The problem comes if there’s a dishonest individual working behind the desk. They may still charge your room to your card *and* pocket the cash. If you later notice and have proof you paid cash, you call up and they say, “Sorry, it was a clerical error.” But what if you didn’t keep that receipt or they didn’t give you one showing you paid cash? You lose.

The best answer is the form of payment you leave at the desk when you check in is the form of payment you pay with when you check out. Hotels are a fertile ground for identity theft rings and credit card theft rings. You have a situation where there is frequent turnover at hotels and weak background checks on employees. Plus, there are so many transactions happening and so much info being given by travelers. It all adds up to hotels becoming a new weak point in our nation’s ability to stop identity theft and credit card theft.

And that brings us full circle to the dangers of debit cards. Because the hotel check-in desk has become such a weak link, never pay for a hotel room with a debit card.
If your number is compromised, using a debit card lays you wide open to having your entire checking account emptied. Then you have to fight with your bank to get your money restored. So for hotels, the only safe thing is to pay with a credit card!
Front desk calling scam

In this one, you check into a hotel, get up to your room and get a call from the front desk saying there’s been a problem with your credit card. You’re told the charge didn’t go through and they need to confirm your number with you.

The only problem is it’s not the front desk calling.
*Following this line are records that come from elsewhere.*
Fixpoint linked u L v : bool :=
  if L is q :: L' then e u q.1 && linked q.2 L' v else e u v.

Definition even_walk u L v := linked u L v /\ sub_edges L es.

Lemma linked_cat u A q B v :
  linked u (A ++ q :: B) v = linked u A q.1 && linked q.2 B v.
Proof. by elim: A u => [|r A IH] u //=; rewrite IH andbA. Qed.

Lemma linked_rev u L v : linked u L v -> linked v (rev_pairs L) u.
Proof.
elim: L u => [|q L IH] u /=; first by rewrite e_sym.
by move=> /andP[uq /IH Lv]; rewrite -[q :: L]cat0s rev_pairs_cat linked_cat /= Lv e_sym.
Qed.

Lemma linked_bridge u m1 m2 v A B :
  (forall w z, e w m1 -> e m2 z -> e w z) ->
  linked u A m1 -> linked m2 B v -> linked u (A ++ B) v.
Proof.
move=> bridge; elim: A u => [|q A IH] u /=; last by case/andP=> -> /IH.
by case: B => [|r B] /= um1; [apply: bridge | case/andP=> /(bridge _ _ um1) ->].
Qed.

Lemma even_walk_rev u L v : even_walk u L v -> even_walk v (rev_pairs L) u.
Proof.
case=> uv Les; split; first exact: linked_rev.
exact: sub_edges_trans (sub_edges_rev_pairs L) Les.
Qed.

Lemma even_walk_split u A q B v :
  even_walk u (A ++ q :: B) v ->
  [/\ linked u A q.1, linked q.2 B v, sub_edges A es & sub_edges (q :: B) es].
Proof.
rewrite /even_walk linked_cat => -[/andP[uA Bv] ABes]; split=> //.
  exact: sub_edges_trans (sub_edges_catl _ _) ABes.
exact: sub_edges_trans (sub_edges_catr _ _) ABes.
Qed.

Lemma even_walk_bridge u m1 m2 v Q P :
  (forall w z, e w m1 -> e m2 z -> e w z) -> edge_disjoint Q P ->
  even_walk u Q m1 -> even_walk m2 P v -> even_walk u (Q ++ P) v.
Proof.
move=> bridge QP [uQ Qes] [Pv Pes]; split; first exact: linked_bridge uQ Pv.
exact: sub_edges_cat.
Qed.

Lemma even_walk_shortcut u m w v Q1 q Q2 P1 P2 :
  edge_disjoint Q1 (P1 ++ q :: P2) ->
  even_walk u (Q1 ++ q :: Q2) m -> even_walk w (P1 ++ q :: P2) v ->
  even_walk u (Q1 ++ q :: P2) v.
Proof.
move=> /(edge_disjointW (sub_edges_catr _ _)) Q1P2.
move=> /even_walk_split[uQ1 _ Q1es _] /even_walk_split[_ P2v _ P2es].
by split; [rewrite linked_cat uQ1 | exact: sub_edges_cat].
Qed.

Lemma even_walk_splice u m1 m2 v Q P :
  (forall w z, e w m1 -> e m2 z -> e w z) ->
  even_walk u Q m1 -> even_walk m2 P v ->
  exists L, even_walk u L v \/ even_walk u L m2.
Proof.
move=> bridge walkQ walkP.
have [QP | /negbNE shared] := boolP (edge_disjoint Q P).
  by exists (Q ++ P); left; apply: even_walk_bridge walkQ walkP.
case: (split_find shared) walkQ => q Q1 Q2 /hasP[q' q'P qq'] Q1P.
rewrite cat_rcons => walkQ; move: qq'; rewrite same_edgeE => /orP[] /eqP q_def.
  move: walkP Q1P; rewrite -{}q_def in q'P *; case/splitPr: q'P => P1 P2 walkP Q1P.
  by exists (Q1 ++ q :: P2); left; apply: even_walk_shortcut walkQ walkP.
move: (even_walk_rev walkP) (edge_disjointW (sub_edges_rev_pairs P) Q1P).
case/splitPr: q'P => P1 P2; rewrite rev_pairs_cat -q_def => walkP' Q1P'.
by exists (Q1 ++ q :: rev_pairs P1); right; apply: even_walk_shortcut walkQ walkP'.
Qed.

Definition jumps p k := [seq (p l.*2.+1, p l.*2.+2) | l <- iota 0 k].

Fixpoint walk_at u L v r : T :=
  match L, r with
  | _, 0 => u
  | [::], _.+1 => v
  | q :: _, 1 => q.1
  | q :: L', r'.+2 => walk_at q.2 L' v r'
  end.

Lemma jumpsS p k : jumps p k.+1 = (p 1, p 2) :: jumps (fun r => p r.+2) k.
Proof. by rewrite /jumps /= (iotaDl 1 0) -map_comp. Qed.

Lemma linked_jumps p k :
  (forall r, r < k.*2.+1 -> e (p r) (p r.+1)) -> linked (p 0) (jumps p k) (p k.*2.+1).
Proof.
elim: k p => [|k IH] p adj; first exact: adj.
rewrite jumpsS /= adj //=; apply: (IH (fun r => p r.+2)) => r lt_r.
by apply: adj; rewrite doubleS ltnS ltnS.
Qed.

Lemma walk_at0 u L v : walk_at u L v 0 = u.
Proof. by case: L. Qed.

Lemma walk_at_end u L v : walk_at u L v (size L).*2.+1 = v.
Proof. by elim: L u => [|q L IH] u //=; rewrite doubleS. Qed.

Lemma jumps_walk_at u L v : jumps (walk_at u L v) (size L) = L.
Proof. by elim: L u => [|q L IH] u //=; rewrite jumpsS walk_at0 IH; case: q. Qed.

Lemma walk_at_adj u L v :
  {in L, forall q, e q.1 q.2} -> linked u L v ->
  forall r, r < (size L).*2.+1 -> e (walk_at u L v r) (walk_at u L v r.+1).
Proof.
elim: L u => [|q L IH] u /= Ledges; first by move=> uv [].
case/andP=> uq Lv [|[|r]] //=; first by rewrite walk_at0 Ledges ?mem_head.
by rewrite doubleS !ltnS; apply: (IH _ _ Lv) => q' q'L; rewrite Ledges ?inE ?q'L ?orbT.
Qed.

Lemma sub_edges_edges L : sub_edges L es -> {in L, forall q, e q.1 q.2}.
Proof.
move=> Les q /(sub_edges_has Les) /hasP[f /es_edges f_edge].
by rewrite same_edgeE => /orP[] /eqP-> //=; rewrite e_sym.
Qed.

Lemma Gprime_edge_even_walk u v :
  Gprime_edge e es u v -> exists L, even_walk u L v.
Proof.
case=> _ [uv | [k [p [_ [p0 pk adj _ counts]]]]]; first by exists [::].
by exists (jumps p k); split; [rewrite -p0 -pk; exact: linked_jumps | exact: counts].
Qed.

Lemma even_walk_Gprime_edge u L v :
  u <> v -> even_walk u L v -> Gprime_edge e es u v.
Proof.
move=> neq_uv [uLv Les]; split=> //.
case: L => [|q L'] in uLv Les *; [by left | right; set L := q :: L' in uLv Les *].
have jumpsL := jumps_walk_at u L v.
exists (size L), (walk_at u L v); split=> //; split.
- exact: walk_at0.
- exact: walk_at_end.
- exact: walk_at_adj (sub_edges_edges Les) uLv.
- move=> l lt_l; apply: (sub_edges_has Les); rewrite -[in X in _ \in X]jumpsL.
  by apply: map_f; rewrite mem_iota.
- by rewrite -/(jumps _ _) jumpsL.
Qed.

End EvenWalks.

Theorem lemma4p2 (T : finType) (e : rel T) (h : nat) (x y : 'I_h -> T)
    (es : seq (T * T)) (i j k : 'I_h) (ti : T) :
  simple_graph e ->
  very_well_covered e ->
  injective x -> injective y ->
  (forall a b, x a <> y b) ->
  (forall v : T, exists a, v = x a \/ v = y a) ->
  minimal_vertex_cover e [set x a | a in 'I_h] ->
  maximal_independent_set e [set y a | a in 'I_h] ->
  (forall a, e (x a) (y a)) ->
  (1 <= size es)%N ->
  (forall f, f \in es -> e f.1 f.2) ->
  i != j -> j != k -> i != k ->
  (ti = x i \/ ti = y i) ->
  Gprime_edge e es ti (x j) ->
  Gprime_edge e es (y j) (x k) ->
  Gprime_edge e es ti (x k) \/ Gprime_edge e es ti (y j).
Proof.
move=> sg vwc injx injy xy cover _ _ matched _ es_edges ij _ ik ti_i ti_xj yj_xk.
have e_sym : symmetric e by case: sg.
have bridge := matched_neighbours_adj cover matched sg vwc injx injy xy (a := j).
have [Q walkQ] := Gprime_edge_even_walk ti_xj.
have [P walkP] := Gprime_edge_even_walk yj_xk.
have ti_xk : ti <> x k.
  by case: ti_i => ->; [move/injx/eqP; apply/negP | move/esym; apply: xy].
have ti_yj : ti <> y j.
  by case: ti_i => ->; [apply: xy | move/injy/eqP; apply/negP].
have [L [walk_xk | walk_yj]] := even_walk_splice e_sym bridge walkQ walkP.
  by left; apply: even_walk_Gprime_edge walk_xk.
by right; apply: even_walk_Gprime_edge walk_yj.
Qed.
It’s a criminal who just dialed in and asked to be transferred to such-and-such room number. If you fall for the ploy, next thing you know there are fraudulent charges being pushed through on your card by the criminals.

If you get this call, tell the person you’ll come back down to the front desk in a moment to discuss the credit card trouble. That way you can handle a legitimate request if it is one and you can also deny the criminals on the phone the info they want!